### PROBLEM
Each line below that contains "Section" should be counted. Give only the total.

(RECORDS TO USE begins)

From Pilot Require Import Defs.
From mathcomp Require Import all_boot all_order all_algebra.
From mathcomp Require Import all_classical all_reals all_analysis.
From mathcomp Require Import zify ring lra.
Import Order.TTheory GRing.Theory Num.Theory.
Set Implicit Arguments. Unset Strict Implicit.
Local Open Scope ring_scope.

(* Label each vertex -1 independently with probability (1 - x) / 2 and +1
   otherwise; the expected weight is x n.  A labelling fails to be signed
   dominating only at vertices whose closed neighbourhood contains more than
   deg v / 2 entries -1, and raising one such -1 costs 2 while lowering the total
   excess, so gamma_s <= weight + 2 * total excess.  The expected excess at v
   is bounded by an exponential moment with base q = (1 + x) / (1 - x), which
   gives (1 + x)^2 (1 - x^2)^(deg v / 2) / (2x); for x = sqrt (6.8 ln D / D),
   D = delta + 1, this is at most 0.16 / sqrt D. *)

Section SignedDomination.
Variables (V : finType) (e : rel V).
Hypothesis simple_e : simple_graph e.
Implicit Types (g : {ffun V -> bool}) (u v y : V).

Definition negs (g : {ffun V -> bool}) (v : V) : nat :=
  #|[set y in cnbhd e v | ~~ g y]|.

Definition excess (g : {ffun V -> bool}) (v : V) : nat :=
  (negs g v - (deg e v)./2)%N.

Definition raise (g : {ffun V -> bool}) (y : V) : {ffun V -> bool} :=
  [ffun z => (z == y) || g z].

Lemma card_cnbhd v : #|cnbhd e v| = (deg e v).+1.
Proof. by rewrite cardsU1 inE simple_e.2. Qed.

Lemma sum_sval (A : {set V}) (g : {ffun V -> bool}) :
  \sum_(x in A) Defs.sval g x = #|A|%:Z - 2 * #|[set y in A | ~~ g y]|%:Z.
Proof.
rewrite (eq_bigr (fun x => 1 - 2 * (~~ g x : nat)%:Z)); last first.
  by move=> x _; rewrite /Defs.sval; case: (g x).
rewrite big_split /= sumr_const sumrN -mulr_sumr natz.
rewrite (eq_bigr (fun x => if ~~ g x then 1 else 0)); last by move=> x _; case: (g x).
rewrite -big_mkcondr /= sumr_const !natz; congr (_ - _ * _%:Z).
by apply: eq_card => x; rewrite !inE.
Qed.

Lemma signed_dom_excess0 g : (forall v, excess g v = 0%N) -> signed_dom e g.
Proof.
move=> exc0; apply/forallP => v; rewrite sum_sval card_cnbhd.
move/eqP: (exc0 v); rewrite subn_eq0 -/(negs g v).
have := odd_double_half (deg e v); rewrite -mul2n; lia.
Qed.

Lemma sweight_raise g y : g y = false -> sweight (raise g y) = sweight g + 2.
Proof.
move=> gy; rewrite /sweight (bigD1 y) // [in RHS](bigD1 y) //=.
rewrite (eq_bigr (Defs.sval g)) => [|x /negbTE xy]; last first.
  by rewrite /Defs.sval ffunE xy.
rewrite /Defs.sval ffunE eqxx gy /=; lia.
Qed.

Lemma negs_raise_le g y v : (negs (raise g y) v <= negs g v)%N.
Proof.
apply/subset_leq_card/fintype.subsetP => x; rewrite !inE ffunE.
by case: (x == y); rewrite ?andbF.
Qed.

Lemma negs_raise_lt g y v : y \in cnbhd e v -> g y = false ->
  (negs (raise g y) v < negs g v)%N.
Proof.
move=> yv gy; apply: proper_card; rewrite fintype.properE; apply/andP; split.
  by apply/fintype.subsetP => x; rewrite !inE ffunE; case: (x == y); rewrite ?andbF.
apply/fintype.subsetPn; exists y; first by rewrite inE yv gy.
by rewrite inE ffunE eqxx andbF.
Qed.

Lemma sum_excess_raise_lt g y v : y \in cnbhd e v -> g y = false ->
  (0 < excess g v)%N -> (\sum_u excess (raise g y) u < \sum_u excess g u)%N.
Proof.
move=> yv gy exc_v; rewrite (bigD1 v) // [X in (_ < X)%N](bigD1 v) //=.
rewrite -addSn; apply: leq_add.
  by move: exc_v (negs_raise_lt yv gy); rewrite /excess; lia.
by apply: leq_sum => u _; move: (negs_raise_le g y u); rewrite /excess; lia.
Qed.

Lemma signed_dom_repair g : exists2 g', signed_dom e g' &
  sweight g' <= sweight g + 2 * (\sum_v excess g v)%:Z.
Proof.
have [n] := ubnP (\sum_v excess g v); elim: n g => // n IHn g.
have [exc0|] := boolP [forall v, excess g v == 0%N].
  exists g; last by rewrite lerDl.
  by apply: signed_dom_excess0 => v; apply/eqP/(forallP exc0).
rewrite negb_forall => /existsP [v]; rewrite -lt0n => exc_v.
have /finset.set0Pn [y] : [set y in cnbhd e v | ~~ g y] != finset.set0.
  by apply: contraTneq exc_v => no_neg; rewrite /excess /negs no_neg finset.cards0.
rewrite inE => /andP [yv /negbTE gy] lt_n.
have lt_exc := sum_excess_raise_lt yv gy exc_v.
have [g' dom_g' le_g'] := IHn (raise g y) (leq_trans lt_exc lt_n).
exists g' => //; apply: (le_trans le_g'); rewrite sweight_raise //.
move: lt_exc; set a := (\sum_u _)%N; set b := (\sum_u _)%N; lia.
Qed.

Lemma gamma_s_le_sweight g : signed_dom e g -> gamma_s e <= sweight g.
Proof. exact: bigmin_le_cond. Qed.

Lemma gamma_s_le_excess g :
  gamma_s e <= sweight g + 2 * (\sum_v excess g v)%:Z.
Proof.
have [g' /gamma_s_le_sweight] := signed_dom_repair g; exact: le_trans.
Qed.

End SignedDomination.

Section Averaging.
Variables (R : realType) (V : finType).
Implicit Types (p q : R) (g : {ffun V -> bool}) (v x : V).

(* [pweight p g] is the probability of [g] when each vertex is independently
   labelled -1 with probability [p]; expectations are weighted sums over all
   [g : {ffun V -> bool}]. *)
Definition pweight p g : R := \prod_i (if g i then 1 - p else p).

Lemma pweight_ge0 p g : 0 <= p <= 1 -> 0 <= pweight p g.
Proof. by case/andP=> p0 p1; apply: prodr_ge0 => i _; case: (g i); lra. Qed.

Lemma sum_pweight_prod p (h : V -> bool -> R) :
  \sum_g pweight p g * \prod_i h i (g i) =
  \prod_i ((1 - p) * h i true + p * h i false).
Proof.
rewrite (eq_bigr (fun i => \sum_(b : bool) (if b then 1 - p else p) * h i b)).
  by rewrite bigA_distr_bigA; apply: eq_bigr => g _; rewrite big_split.
by move=> i _; rewrite big_bool.
Qed.

Lemma sum_pweight p : \sum_g pweight p g = 1.
Proof.
have := sum_pweight_prod p (fun _ _ => 1).
rewrite [RHS]big1 => [<-|i _]; last by rewrite !mulr1 subrK.
by apply: eq_bigr => g _; rewrite big1_eq mulr1.
Qed.

Lemma sum_pweight_sval p x :
  \sum_g pweight p g * (Defs.sval g x)%:~R = 1 - 2 * p.
Proof.
pose h i (b : bool) : R := if i == x then (if b then 1 else -1) else 1.
have sval_prod g : (Defs.sval g x)%:~R = \prod_i h i (g i).
  rewrite (bigD1 x) //= big1 => [|i /negbTE]; last by rewrite /h => ->.
  by rewrite /h eqxx mulr1 /Defs.sval; case: (g x).
under eq_bigr do rewrite sval_prod.
rewrite sum_pweight_prod (bigD1 x) //= big1 => [|i /negbTE xi]; last first.
  by rewrite /h xi !mulr1 subrK.
by rewrite /h eqxx; lra.
Qed.

Lemma sum_pweight_sweight p :
  \sum_g pweight p g * (sweight g)%:~R = #|V|%:R * (1 - 2 * p).
Proof.
under eq_bigr do rewrite /sweight rmorph_sum mulr_sumr.
rewrite exchange_big /=; under eq_bigr do rewrite sum_pweight_sval.
rewrite sumr_const -[_ *+ #|_|]mulr_natl; congr (_%:R * _); exact: eq_card.
Qed.

Variable e : rel V.
Hypothesis simple_e : simple_graph e.
(* Let $n\geq 2$ be an integer and let $CCC(n)$ be the crystal cubic carbon graph with $n$ layers. Then the minimum cardinality of a doubly resolving set of $CCC(n)$ is $\psi(CCC(n))=24\times 7^{n-2}$.
   Context: All graphs are simple and connected; $d(u,v)$ is the shortest-path distance. For an ordered set $Z=\{z_1,\dots,z_m\}$ of vertices, $r(u\,|\,Z)=(d(u,z_1),\dots,d(u,z_m))$. $Z$ is a doubly resolving set of $G$ if for every two distinct vertices $u,v$ of $G$, $r(u|Z)-r(v|Z)\neq \mu(1,\dots,1)$ for every integer $\mu$; $\psi(G)$ denotes the minimum size of a doubly resolving set. The cube $C_4\Box P_2$ is the graph on $\{1,\dots,8\}$ with edges $12,23,34,14,56,67,78,58$ and $15,26,37,48$. The crystal cubic carbon $CCC(n)$ is constructed as follows. Its vertex set is partitioned into layers $L_1,\dots,L_n$. Layer $L_1$ is a copy of $C_4\Box P_2$ with vertices $1,\dots,8$. For $2\leq k\leq n$, layer $L_k$ consists of $8\times 7^{k-2}$ vertex-disjoint copies of $C_4\Box P_2$ (called cubes), each cube having a distinguished vertex (the vertex labelled $1$ in its copy) called its head vertex. Each vertex $r\in L_1$ is joined by an edge to the head vertex of exactly one cube of $L_2$ (distinct vertices of $L_1$ to distinct cubes). For $2\leq k<n$, each of the $7$ non-head vertices of each cube of $L_k$ is joined by an edge to the head vertex of exactly one cube of $L_{k+1}$, in such a way that every cube of $L_{k+1}$ has its head joined to exactly one such vertex. There are no other edges. Thus $CCC(n)$ has $8+64\sum_{k=2}^{n}7^{k-2}$ vertices. *)

From mathcomp Require Import all_boot all_order all_algebra.
Set Implicit Arguments. Unset Strict Implicit. Unset Printing Implicit Defensive.
(* Let $n,r\ge3$ and let $X$ be the real algebraic variety of $r$-tuples $\{(L_i,H_i)\}_{i=1,\dots,r}$ of flags in $\mathbb{R}^n$ consisting of a line $L_i$ and a hyperplane $H_i\supset L_i$, with the action of $\mathrm{SL}_{n,\mathbb{R}}$. Let $U(\mathbb{R})$ be the set of real $r$-tuples whose complexification is in general position, and let $\theta\colon U(\mathbb{R})/\mathrm{SL}_n(\mathbb{R})\to\mathbb{P}^{!r-1}(\mathbb{R})$ be the map induced by $x\mapsto[s_{\sigma_1}(x):\dots:s_{\sigma_{!r}}(x)]$, where $\sigma_1,\dots,\sigma_{!r}$ are the derangements of $\{1,\dots,r\}$. Then $\theta$ is injective if $n$ is odd or $n>r$, and $\theta$ is two-to-one if $n\le r$ and $n$ is even.
   Context: For a derangement (fixed-point-free permutation) $\sigma$, $s_\sigma(x)=\prod_{i=1}^r\phi_i(v_{\sigma(i)})$, where $v_i$ generates $L_i$ and $\phi_i$ is a (real) linear form with kernel $H_i$; the point $[s_\sigma(x)]_\sigma$ does not depend on these choices, and $!r$ is the number of derangements. General position (for complex flags in $\mathbb{C}^n$): if $n\ge r$, $\dim(L_1+\dots+L_r)=r$, $\dim(H_1\cap\dots\cap H_r)=n-r$, $L_i\cap H_j=0$ for $i\ne j$, and $(L_1+\dots+L_r)\cap(H_1\cap\dots\cap H_r)=0$; if $n<r$, every sub-$n$-tuple indexed by an $n$-element subset of $\{1,\dots,r\}$ satisfies these conditions. $U(\mathbb{R})/\mathrm{SL}_n(\mathbb{R})$ is the set of $\mathrm{SL}_n(\mathbb{R})$-orbits in $U(\mathbb{R})$ (these are closed orbits among real semi-stable points). *)

From HB Require Import structures.
From mathcomp Require Import all_boot all_order all_algebra all_fingroup.
From mathcomp Require Import reals complex.
Set Implicit Arguments. Unset Strict Implicit. Unset Printing Implicit Defensive.
Import Order.TTheory GRing.Theory Num.Theory.
Local Open Scope ring_scope.
Lemma dpc_loss_mean_div_cvg0 b : 0 <= b ->
  (\int[P]_t dpc_loss b r (A t)) / r @[r --> 0^'+] --> 0.
Proof.
move=> b0.
have e : \forall r \near 0^'+,
    \int[P]_t (dpc_loss b r (A t) / r) = (\int[P]_t dpc_loss b r (A t)) / r.
  near=> r; have r0 : 0 < r by near: r; exact: nbhs_right_gt.
  by rewrite RintegralZr // integrable_dpc_loss_fading.
rewrite -[X in _ --> X](Rintegral0 (mu := P) setT); apply: cvg_trans (near_eq_cvg e) _.
apply: (Rintegral_cvg0r (integrable_fading_affine b)) => //.
- move=> r; apply: measurable_funM => //.
  exact: measurableT_comp (measurable_dpc_loss b r) _.
- by apply: aeW => t; exact: dpc_loss_div_cvg0.
- by move=> r t r0; exact: dpc_loss_div_norm_le.
Unshelve. all: by end_near.
Qed.

Lemma dpc_rate_div_cvg0 b : 0 <= b -> dpc_rate P A b r / r @[r --> 0^'+] --> (1 : R).
Proof.
move=> b0.
have e : \forall r \near 0^'+,
    cap_known P A r / r - (\int[P]_t dpc_loss b r (A t)) / r = dpc_rate P A b r / r.
  near=> r; have r0 : 0 < r by near: r; exact: nbhs_right_gt.
  by rewrite dpc_rateE // mulrBl.
rewrite -[X in _ --> X]subr0; apply: cvg_trans (near_eq_cvg e) _.
by apply: cvgB; [exact: cap_known_div_cvg0 | exact: dpc_loss_mean_div_cvg0].
Unshelve. all: by end_near.
Qed.

End fading.
(* Let $\alpha,\beta$ be compositions with $\beta\subseteq\alpha$, let $n=|\alpha/\beta|$, and let $M\in\mathrm{SET}(\alpha/\beta)$. Then $M$ is a minimal element of the poset $\mathrm{SET}(\alpha/\beta)$ if and only if, for every $i=1,2,\ldots,n-1$, one of the following holds in $M$: (1) $i$ and $i+1$ lie in consecutive cells of the same row of $\alpha/\beta$; (2) $i$ and $i+1$ lie in the same column of $\alpha/\beta$ (with $i+1$ above $i$ and no cell of $\alpha/\beta$ between them); (3) $i$ lies in a row of $\alpha/\beta$ strictly higher than the row of $i+1$.
   Context: A composition $\alpha=(\alpha_1,\ldots,\alpha_k)$ is a finite sequence of positive integers, $|\alpha|=\sum\alpha_i$, $\ell(\alpha)=k$. Its diagram has rows numbered from the bottom (row 1 is lowest), row $i$ consisting of the cells in columns $1,\ldots,\alpha_i$. For compositions with $\beta\subseteq\alpha$ (i.e. $\ell(\beta)\le\ell(\alpha)$ and $\beta_j\le\alpha_j$ for $j\le\ell(\beta)$), the skew diagram $\alpha/\beta$ consists of the cells in row $i$ and column $j$ with $\beta_i<j\le\alpha_i$ (where $\beta_i=0$ for $i>\ell(\beta)$); $|\alpha/\beta|=|\alpha|-|\beta|$. A standard immaculate tableau of shape $\alpha/\beta$ is a bijective filling of the cells of $\alpha/\beta$ with $1,\ldots,|\alpha/\beta|$ such that rows increase left to right and the entries in column 1 increase bottom to top; $\mathrm{SIT}(\alpha/\beta)$ is the set of these. $\mathrm{SET}(\alpha/\beta)\subseteq\mathrm{SIT}(\alpha/\beta)$ is the set of such fillings in which all rows increase left to right and all columns increase bottom to top (standard extended tableaux). For $1\le i\le n-1$ and $T\in\mathrm{SIT}(\alpha/\beta)$, the row-strict operator is $\pi_i(T)=T$ if $i+1$ is in a strictly higher row than $i$; $\pi_i(T)=s_i(T)$ (the tableau obtained by swapping the entries $i$ and $i+1$) if $i+1$ is in a strictly lower row than $i$; and $\pi_i(T)=0$ otherwise. This makes $\mathrm{SIT}(\alpha/\beta)$ a poset with $T\le T'$ iff $T'$ is obtained from $T$ by applying a sequence of operators $\pi_{i}$ (with all intermediate results nonzero); $\mathrm{SET}(\alpha/\beta)$ carries the induced order. An element $M$ is minimal in $\mathrm{SET}(\alpha/\beta)$ if there is no $T\in\mathrm{SET}(\alpha/\beta)$ with $T\neq M$ and $T<M$. *)

From mathcomp Require Import all_boot.
Set Implicit Arguments. Unset Strict Implicit. Unset Printing Implicit Defensive.

(* A composition: finite sequence of positive integers.  alpha_i = nth 0 alpha (i-1). *)
Definition composition (a : seq nat) : bool := all (fun x => 0 < x) a.

Definition subcomp (b a : seq nat) : bool :=
  (size b <= size a) && all (fun j => nth 0 b j <= nth 0 a j) (iota 0 (size b)).

(* A cell is (row, column), both 1-indexed, rows numbered from the bottom. *)
Definition cell := (nat * nat)%type.

(* cell (r, j) belongs to alpha/beta iff 1 <= r <= l(alpha), beta_r < j <= alpha_r
   (beta_r = 0 for r > l(beta)) *)
Definition in_skew (a b : seq nat) (c : cell) : bool :=
  [&& 0 < c.1, c.1 <= size a, nth 0 b c.1.-1 < c.2 & c.2 <= nth 0 a c.1.-1].

Definition skew_cells (a b : seq nat) : seq cell :=
  flatten [seq [seq (r.+1, j) | j <- iota (nth 0 b r).+1 (nth 0 a r - nth 0 b r)]
          | r <- iota 0 (size a)].

(* A bijective filling of alpha/beta with 1..n is encoded by the sequence w of
   cells, where w`_(k-1) is the cell containing the entry k.  It is a bijective
   filling iff w is a permutation of the cells of alpha/beta. *)
Definition tableau := seq cell.

Definition pos (w : tableau) (k : nat) : cell := nth (0, 0) w k.-1.
Definition entry (w : tableau) (c : cell) : nat := (index c w).+1.

Definition is_filling (a b : seq nat) (w : tableau) : bool :=
  perm_eq w (skew_cells a b).

Definition is_SIT (a b : seq nat) (w : tableau) : Prop :=
  is_filling a b w /\
  (forall r j j', in_skew a b (r, j) -> in_skew a b (r, j') -> j < j' ->
     entry w (r, j) < entry w (r, j')) /\
  (forall r r', in_skew a b (r, 1) -> in_skew a b (r', 1) -> r < r' ->
     entry w (r, 1) < entry w (r', 1)).

Definition is_SET (a b : seq nat) (w : tableau) : Prop :=
  is_filling a b w /\
  (forall r j j', in_skew a b (r, j) -> in_skew a b (r, j') -> j < j' ->
     entry w (r, j) < entry w (r, j')) /\
  (forall r r' j, in_skew a b (r, j) -> in_skew a b (r', j) -> r < r' ->
     entry w (r, j) < entry w (r', j)).

Definition swap_entries (i : nat) (w : tableau) : tableau :=
  [seq (if k == i.-1 then nth (0,0) w i
        else if k == i then nth (0,0) w i.-1 else nth (0,0) w k)
  | k <- iota 0 (size w)].

(* The row-strict operator pi_i; None stands for 0. *)
Definition pi_op (i : nat) (w : tableau) : option tableau :=
  let c := pos w i in let d := pos w i.+1 in
  if c.1 < d.1 then Some w
  else if d.1 < c.1 then Some (swap_entries i w)
  else None.

Definition pi_step (n : nat) (T T' : tableau) : Prop :=
  exists i, 0 < i /\ i < n /\ pi_op i T = Some T'.

Inductive pi_le (n : nat) : tableau -> tableau -> Prop :=
| pi_le_refl T : pi_le n T T
| pi_le_step T T' T'' : pi_step n T T' -> pi_le n T' T'' -> pi_le n T T''.

Definition skew_size (a b : seq nat) : nat := sumn a - sumn b.

Definition minimal_SET (a b : seq nat) (M : tableau) : Prop :=
  is_SET a b M /\
  ~ (exists T, is_SET a b T /\ T <> M /\ pi_le (skew_size a b) T M).

From mathcomp Require Import all_boot zify.
Set Implicit Arguments. Unset Strict Implicit. Unset Printing Implicit Defensive.

(* Row- and column-strictness force (1), resp. (2), as soon as i and i+1 share
   a row, resp. a column.  Otherwise, unless (3) holds, i+1 lies strictly higher
   than i and in another column, so exchanging them yields a standard extended
   tableau T with pi_i(T) = M, and M is not minimal.  Conversely, a chain T < M
   ends with a step pi_i(W) = M that swaps i and i+1, so in M the entry i+1 is
   strictly higher than i; this rules out (1) and (3), hence they are in one
   column with i+1 above i.  But an operator pi_j never reverses two entries
   whose cells lie in strictly increasing rows, so the column-strictness of T
   survives in W, where i+1 sits below i in that column: a contradiction. *)

Lemma mem_skew_cells a b c : (c \in skew_cells a b) = in_skew a b c.
Proof.
apply/flatten_mapP/idP => [[r] | ].
  rewrite mem_iota => hr /mapP [j]; rewrite mem_iota => hj ->.
  by rewrite /in_skew /=; lia.
case: c => r j; rewrite /in_skew /= => /and4P [r_gt0 r_le lo hi].
exists r.-1; first by rewrite mem_iota; lia.
by apply/mapP; exists j; rewrite ?prednK // mem_iota; lia.
Qed.

Lemma uniq_skew_cells a b : uniq (skew_cells a b).
Proof.
apply: allpairs_uniq_dep => [|r _|[r j] [r' j'] _ _ /= [-> ->]] //; exact: iota_uniq.
Qed.

Lemma in_skew_row_between a b r j k l :
  in_skew a b (r, j) -> in_skew a b (r, l) -> j <= k <= l -> in_skew a b (r, k).
Proof. by rewrite /in_skew /=; lia. Qed.

Lemma subcomp_leq_nth b a : subcomp b a -> forall j, nth 0 b j <= nth 0 a j.
Proof.
case/andP=> _ /allP le_ba j; have [jb|bj] := ltnP j (size b).
  by apply: le_ba; rewrite mem_iota.
by rewrite nth_default.
Qed.

Lemma sumn_nth_widen (s : seq nat) n :
  size s <= n -> sumn s = \sum_(0 <= r < n) nth 0 s r.
Proof.
move=> le_sn; rewrite sumnE (big_nth 0) (big_nat_widen _ _ _ _ _ le_sn) big_mkcond.
by apply: eq_bigr => r _; case: ltnP => // ?; rewrite nth_default.
Qed.

Lemma size_skew_cells a b : subcomp b a -> size (skew_cells a b) = skew_size a b.
Proof.
move=> ba; rewrite size_flatten /shape -map_comp sumnE big_map.
rewrite /skew_size (sumn_nth_widen (leqnn (size a))).
rewrite (sumn_nth_widen (n := size a)); last by case/andP: ba.
rewrite -sumnB; last by move=> r _; apply: subcomp_leq_nth.
by rewrite /index_iota subn0; apply: eq_bigr => r _; rewrite /= size_map size_iota.
Qed.

(* Entry k of a tableau sits at index k.-1, so [adj_swap i] exchanges the
   indices of the entries i and i+1. *)
Definition adj_swap (i k : nat) : nat :=
  if k == i.-1 then i else if k == i then i.-1 else k.

Lemma swap_entriesE i (w : tableau) :
  swap_entries i w = [seq nth (0, 0) w (adj_swap i k) | k <- iota 0 (size w)].
Proof. by apply: eq_map => k; rewrite /adj_swap; case: ifP => //; case: ifP. Qed.

Lemma size_swap_entries i (w : tableau) : size (swap_entries i w) = size w.
Proof. by rewrite size_map size_iota. Qed.

Lemma mem_pos (w : tableau) k : 0 < k <= size w -> pos w k \in w.
Proof. by case: k => // k; apply: mem_nth. Qed.

Lemma index_pos (w : tableau) k :
  uniq w -> 0 < k <= size w -> index (pos w k) w = k.-1.
Proof. by case: k => // k hu hk; rewrite index_uniq. Qed.

Lemma pos_succ_neq (w : tableau) i :
  uniq w -> 0 < i -> i < size w -> pos w i.+1 != pos w i.
Proof.
by move=> hu i_gt0 i_lt; rewrite /pos /= nth_uniq ?(leq_ltn_trans (leq_pred i)) //; lia.
Qed.

Section AdjacentSwap.

Variable i : nat.
Hypothesis i_gt0 : 0 < i.

Variant adj_swap_spec k : nat -> Set :=
  | AdjSwapPred of k = i.-1 : adj_swap_spec k i
  | AdjSwapSelf of k = i : adj_swap_spec k i.-1
  | AdjSwapFix of k <> i.-1 & k <> i : adj_swap_spec k k.

Lemma adj_swapP k : adj_swap_spec k (adj_swap i k).
Proof. by rewrite /adj_swap; case: eqP => [|?]; [|case: eqP => ?]; constructor. Qed.

Lemma adj_swapK : involutive (adj_swap i).
Proof. by move=> k; case: (adj_swapP k) => *; case: adj_swapP => *; lia. Qed.

Lemma adj_swap_ltn n k : i < n -> k < n -> adj_swap i k < n.
Proof. by case: adj_swapP => *; lia. Qed.

Lemma adj_swap_mono k l :
  k < l -> ~ (k = i.-1 /\ l = i) -> adj_swap i k < adj_swap i l.
Proof. by case: (adj_swapP k) => *; case: (adj_swapP l) => *; lia. Qed.

Lemma nth_swap_entries (w : tableau) k :
  k < size w -> nth (0, 0) (swap_entries i w) k = nth (0, 0) w (adj_swap i k).
Proof. by move=> hk; rewrite swap_entriesE (nth_map 0) ?size_iota // nth_iota. Qed.

Lemma pos_swap_entries (w : tableau) :
  i < size w -> pos (swap_entries i w) i = pos w i.+1.
Proof.
move=> i_lt; rewrite /pos nth_swap_entries; last lia.
by case: adj_swapP => //; lia.
Qed.

Lemma pos_swap_entriesS (w : tableau) :
  i < size w -> pos (swap_entries i w) i.+1 = pos w i.
Proof. by move=> i_lt; rewrite /pos nth_swap_entries //; case: adj_swapP => //; lia. Qed.

Lemma swap_entriesK (w : tableau) :
  i < size w -> swap_entries i (swap_entries i w) = w.
Proof.
move=> i_lt; apply: (@eq_from_nth _ (0, 0)); rewrite ?size_swap_entries // => k hk.
by rewrite !nth_swap_entries ?size_swap_entries ?adj_swapK ?adj_swap_ltn.
Qed.

Lemma perm_swap_entries (w : tableau) : i < size w -> perm_eq (swap_entries i w) w.
Proof.
move=> i_lt; rewrite swap_entriesE -{3}(mkseq_nth (0, 0) w) (map_comp (nth _ w)).
apply: perm_map; apply: uniq_perm;
  rewrite ?(map_inj_uniq (inv_inj adj_swapK)) ?iota_uniq //.
move=> k; rewrite mem_iota; apply/mapP/idP => [[l]|hk].
  by rewrite mem_iota => hl ->; apply: adj_swap_ltn.
by exists (adj_swap i k); rewrite ?adj_swapK // mem_iota adj_swap_ltn.
Qed.

Lemma index_swap_entries (w : tableau) z : i < size w ->
  uniq w -> z \in w -> index z (swap_entries i w) = adj_swap i (index z w).
Proof.
move=> i_lt hu hz; have hk : index z w < size w by rewrite index_mem.
have nth_z : nth (0, 0) (swap_entries i w) (adj_swap i (index z w)) = z.
  by rewrite nth_swap_entries ?adj_swapK ?nth_index ?adj_swap_ltn.
rewrite -{1}nth_z index_uniq ?(perm_uniq (perm_swap_entries i_lt)) //.
by rewrite size_swap_entries adj_swap_ltn.
Qed.

End AdjacentSwap.

Definition row_before (x y : cell) : bool := (x.1 == y.1) && (x.2 < y.2).
Definition col_below (x y : cell) : bool := (x.2 == y.2) && (x.1 < y.1).

Definition increasing_along (R : rel cell) (w : tableau) : Prop :=
  {in w &, forall x y, R x y -> index x w < index y w}.

Section Fillings.

Variables (a b : seq nat) (w : tableau).
Hypothesis w_fill : is_filling a b w.

Lemma mem_filling c : (c \in w) = in_skew a b c.
Proof. by rewrite (perm_mem w_fill) mem_skew_cells. Qed.

Lemma uniq_filling : uniq w.
Proof. by rewrite (perm_uniq w_fill) uniq_skew_cells. Qed.

Lemma size_filling : subcomp b a -> size w = skew_size a b.
Proof. by move=> ba; rewrite (perm_size w_fill) size_skew_cells. Qed.

End Fillings.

(RECORDS TO USE ends)

### TASK RESPONSE
4